EXERCISE GOAL
Retype, exactly as they appear below, the lines between the line holding "by move=> /(_" and the line holding "by rewrite !evalZE mulrBr e de; ring.", both ends included.

MATERIAL PROVIDED

————

Lemma min_fnorm_generates b : I (evalZ b theta) -> evalZ b theta != 0 ->
  (forall g, I (evalZ g theta) -> evalZ g theta != 0 -> fnorm b <= fnorm g) -> generates I b.
Proof.
move=> Ib b0 b_min.
have small_eq0 h : I (evalZ h theta) -> fnorm h < fnorm b -> evalZ h theta = 0.
  move=> Ih; apply: contraTeq => h0; apply/negP => lt.
  by have := lt_le_trans lt (b_min h Ih h0); rewrite ltxx.
have [_ _ theta0] := theta_conjugate_theta.
move=> x; split; last by case=> q ->; rewrite mulrC; apply: ideal_mull.
move=> Ix; have [g ex] := ideal_Ztheta _ Ix; subst x.
have [d [lt_d|lt_d]] := theta_euclid g b b0.
  exists d; apply/eqP; rewrite -subr_eq0 -evalZM -evalZB; apply/eqP/small_eq0 => //.
  by rewrite evalZB evalZM; apply: ideal_sub_mul.
have e : theta * evalZ g theta = evalZ b theta * evalZ d theta.
  have Ixg : I (evalZ 'X theta * evalZ g theta) by apply: ideal_mull.
  have := small_eq0 ('X * g - b * d); rewrite evalZB !evalZM evalZX in Ixg * => /(_ _ lt_d).
  by move=> /(_ (ideal_sub_mul _ _ _ Ixg Ib))/eqP; rewrite subr_eq0 => /eqP.
have [e' [de|de]] := residue_mod_theta d.
  by exists e'; apply: (mulfI theta0); rewrite e de; ring.
(* [d = 1 + theta e'] would make [g - b e'] an element of I of norm [fnorm b / 2]. *)
have ea : evalZ ('X * (g - b * e')) theta = evalZ b theta.
  by rewrite !evalZE mulrBr e de; ring.
have Ia : I (evalZ (g - b * e') theta) by rewrite evalZB evalZM; apply: ideal_sub_mul.
have a0 : evalZ (g - b * e') theta != 0.
  by apply: contra_neq b0 => a0; rewrite -ea evalZM a0 mulr0.
have lt_a : fnorm (g - b * e') < fnorm b.
  by rewrite -(fnorm_evalZ_eq _ _ ea) fnormM fnormX ltr_pMl ?ltr1n ?fnorm_gt0.
by move: a0; rewrite (small_eq0 _ Ia lt_a) eqxx.
Qed.

Lemma ideal_principal : (exists x, I x /\ x != 0) -> exists b, generates I b.
Proof.
case=> x [Ix x0]; have [f ef] := ideal_Ztheta _ Ix; subst x.
have [b [Ib b0] b_min] := ex_minimizer _ _ (fun f => I (evalZ f theta) /\ evalZ f theta != 0)
  fnorm fnorm_nat (ex_intro _ f (conj Ix x0)).
by exists b; apply: min_fnorm_generates => // g Ig g0; apply: b_min.
Qed.

End Ideal.

Lemma generates_mul_unit I f u v : generates I f ->
  evalZ u theta * evalZ v theta = 1 -> generates I (f * u).
Proof.
move=> Gf uv x; rewrite Gf; split; case=> q ->.
  by exists (v * q); rewrite !evalZM -[LHS]mulr1 -uv; ring.
by exists (u * q); rewrite !evalZM; ring.
Qed.

Definition unit_eps : {poly int} := 'X^2 + 3%:P.
Definition unit_eps_inv : {poly int} := 'X^2 + 1.

Lemma unit_epsE : evalZ unit_eps theta = sqrt2 + 1 /\ evalZ unit_eps theta3 = - (sqrt2 - 1).
Proof.
rewrite /unit_eps !evalZE /sqrt2; split; first ring.
by rewrite -(addrK 2 (theta3 ^+ 2)) theta3_sq /sqrt2; ring.
Qed.

Lemma unit_eps_invE : evalZ unit_eps_inv theta = sqrt2 - 1 /\
  evalZ unit_eps_inv theta3 = - (sqrt2 + 1).
Proof.
rewrite /unit_eps_inv !evalZE /sqrt2; split; first ring.
by rewrite -(addrK 2 (theta3 ^+ 2)) theta3_sq /sqrt2; ring.
Qed.

Lemma unit_epsK : evalZ unit_eps theta * evalZ unit_eps_inv theta = 1.
Proof.
rewrite (proj1 unit_epsE) (proj1 unit_eps_invE).
by apply: (eq_mod_sq2 _ _ _ 1 sqrt2_sq); ring.
Qed.

Lemma sq13_unit_eps : sq1 unit_eps = (sqrt2 + 1) ^+ 2 /\ sq3 unit_eps = (sqrt2 - 1) ^+ 2.
Proof.
rewrite /sq1 /sq3 (proj1 unit_epsE) (proj2 unit_epsE) normrN.
split; apply: real_normK; first by apply: realD; rewrite ?sqrt2_real.
by apply: realB; rewrite ?sqrt2_real.
Qed.

Lemma sq13_unit_eps_inv :
  sq1 unit_eps_inv = (sqrt2 - 1) ^+ 2 /\ sq3 unit_eps_inv = (sqrt2 + 1) ^+ 2.
Proof.
rewrite /sq1 /sq3 (proj1 unit_eps_invE) (proj2 unit_eps_invE) normrN.
split; apply: real_normK; first by apply: realB; rewrite ?sqrt2_real.
by apply: realD; rewrite ?sqrt2_real.
Qed.

Lemma min_sqsum_generator_shortest I p : generates I p ->
  (forall f, generates I f -> sqsum p <= sqsum f) ->
  forall q, I (evalZ q theta) -> evalZ q theta != 0 -> sqsum p <= sqsum q.
Proof.
move=> Gp p_min q Iq q0; have [d ed] := (Gp _).1 Iq.
rewrite (sqsum_evalZ_eq q (p * d)) ?evalZM //.
have d0 : evalZ d theta != 0 by apply: contra_neq q0 => d0; rewrite ed d0 mulr0.
have /natrP [n fd] := fnorm_nat d.
have n0 : (0 < n)%nat by rewrite -(ltr0n algC) -fd fnorm_gt0.
have [n1|n_ne1] := eqVneq n 1%nat.
  by apply/p_min/(generates_mul_unit _ _ _ (norm_cofactor d) Gp); rewrite norm_cofactorE fd n1.
have le_eps := p_min _ (generates_mul_unit _ _ _ _ Gp unit_epsK).
have le_eps_inv := p_min _ (generates_mul_unit _ _ _ _ Gp (etrans (mulrC _ _) unit_epsK)).
move: le_eps le_eps_inv; rewrite /sqsum !sq1M !sq3M.
case: sq13_unit_eps => -> ->; case: sq13_unit_eps_inv => -> -> le_eps le_eps_inv.
apply: (unit_stable_weights_le _ _ _ _ _ sqrt2) => //; rewrite ?sq1_ge0 ?sq3_ge0 ?sqrt2_sq //.
by rewrite -/(fnorm d) fd ler_nat; case: n n0 n_ne1 {fd} => [|[|]].
Qed.

Theorem theorem8 (I : algC -> Prop) :
  is_ideal I -> (exists x, I x /\ x != 0) ->
  exists p : {poly int},
    (forall x, I x <-> exists q : {poly int}, x = evalZ p theta * evalZ q theta) /\
    (forall (gamma : algC) (q : {poly int}),
        I gamma -> gamma != 0 -> gamma = evalZ q theta ->
        canon_norm p <= canon_norm q).
Proof.
move=> idealI nzI; have [b Gb] := ideal_principal I idealI nzI.
have [p Gp p_min] := ex_minimizer _ _ (generates I) sqsum sqsum_nat (ex_intro _ b Gb).
exists p; split=> // gamma q Iq q0 eq_q; subst gamma.
by apply: canon_norm_le; apply: (min_sqsum_generator_shortest I).
Qed.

————

EXERCISE OUTPUT
  by move=> /(_ (ideal_sub_mul _ _ _ Ixg Ib))/eqP; rewrite subr_eq0 => /eqP.
have [e' [de|de]] := residue_mod_theta d.
  by exists e'; apply: (mulfI theta0); rewrite e de; ring.
(* [d = 1 + theta e'] would make [g - b e'] an element of I of norm [fnorm b / 2]. *)
have ea : evalZ ('X * (g - b * e')) theta = evalZ b theta.
  by rewrite !evalZE mulrBr e de; ring.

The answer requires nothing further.